# respray



## warren_b (Oct 21, 2007)

hey people i need a bit of advise i have just had a respray on my honda del sol it is metalic silver and just finnished painting on sat, some people have told me to wait 4month before washing and waxing others 1 yeah but all i want to do is wash and wax it so i get the full effect of the shine.
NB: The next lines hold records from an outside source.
Definition active_at (m : nat) : pred nat := fun v => threshold v <= m%:Z.

Lemma threshold_homo : {homo threshold : u v / (u <= v)%N >-> u <= v}.
Proof. by move=> u v uv; rewrite le_floor // ler_wpM2l // ler_nat leq_add2r. Qed.

Lemma active_at_down m u v : (u <= v)%N -> active_at m v -> active_at m u.
Proof. by move=> /threshold_homo; apply: le_trans. Qed.

Lemma active_at_homo m m' v : (m <= m')%N -> active_at m v -> active_at m' v.
Proof. by rewrite /active_at -lez_nat => mm' /le_trans; apply. Qed.

Lemma stepE (x : 'I_(w - 1) -> nat) A :
  step q x A = A :|: [set i | active_at #|A| (x i)].
Proof.
congr (_ :|: _); apply/setP => i; rewrite !inE /active_at.
have deg_gt0 : 0 < (x i + (w - 1))%:R :> R.
  by rewrite ltr0n addn_gt0 (leq_ltn_trans _ (ltn_ord i)) ?orbT.
by rewrite ltr_pdivlMr // add1n -ltzD1 floor_lt_int -PoszD addn1.
Qed.

Lemma finalL_iter (x : 'I_(w - 1) -> nat) :
  finalL q x = iter (w - 1) (fun m => count (active_at m) (codom x)) 0%N.
Proof.
have card_active m : #|[set i | active_at m (x i)]| = count (active_at m) (codom x).
  by rewrite cardsE cardE /enum_mem size_filter codomE count_map enumT.
pose S k := iter k (step q x) set0.
have S_inv k : S k \subset [set i | active_at #|S k| (x i)]
    /\ #|S k| = iter k (fun m => count (active_at m) (codom x)) 0%N.
  elim: k => [|k [sub_active card_S]] /=; first by rewrite sub0set cards0.
  rewrite /S /= -/(S k) stepE (setUidPr sub_active) card_active card_S; split=> //.
  apply/subsetP => i; rewrite !inE; apply: active_at_homo.
  by rewrite -card_active -card_S subset_leq_card.
by case: (S_inv (w - 1)%N).
Qed.

Lemma finalLP (x : 'I_(w - 1) -> nat) l : finalL q x = l <->
  count (active_at l) (codom x) = l
  /\ (forall m, (m < l)%N -> (m < count (active_at m) (codom x))%N).
Proof.
rewrite finalL_iter; apply: iter_homo_boundedP.
  by move=> a b ab; apply: sub_count => v; apply: active_at_homo.
by move=> m; rewrite (leq_trans (count_size _ _)) // size_codom card_ord.
Qed.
any advise on how long i was going to detail it on wed as i have a half day at uni lol or sat???

cheers


----------



## dinodog (Aug 10, 2007)

warren_b said:


> hey people i need a bit of advise i have just had a respray on my honda del sol it is metalic silver and just finnished painting on sat, some people have told me to wait 4month before washing and waxing others 1 yeah but all i want to do is wash and wax it so i get the full effect of the shine.
> 
> any advise on how long i was going to detail it on wed as i have a half day at uni lol or sat???
> 
> cheers


The paint should be hard if it was baked off in an paint oven, so why not get on with washing and waxing, most bodyshops have the polishers clean up any crap from paint any way with rotory and then use a finishing glaze to finish off.


----------



## steveo3002 (Jan 30, 2006)

chances are theyve waxed it already...we used to at work


----------



## warren_b (Oct 21, 2007)

oh nice one cheers guys im so exited lol ill post some pics when im done


----------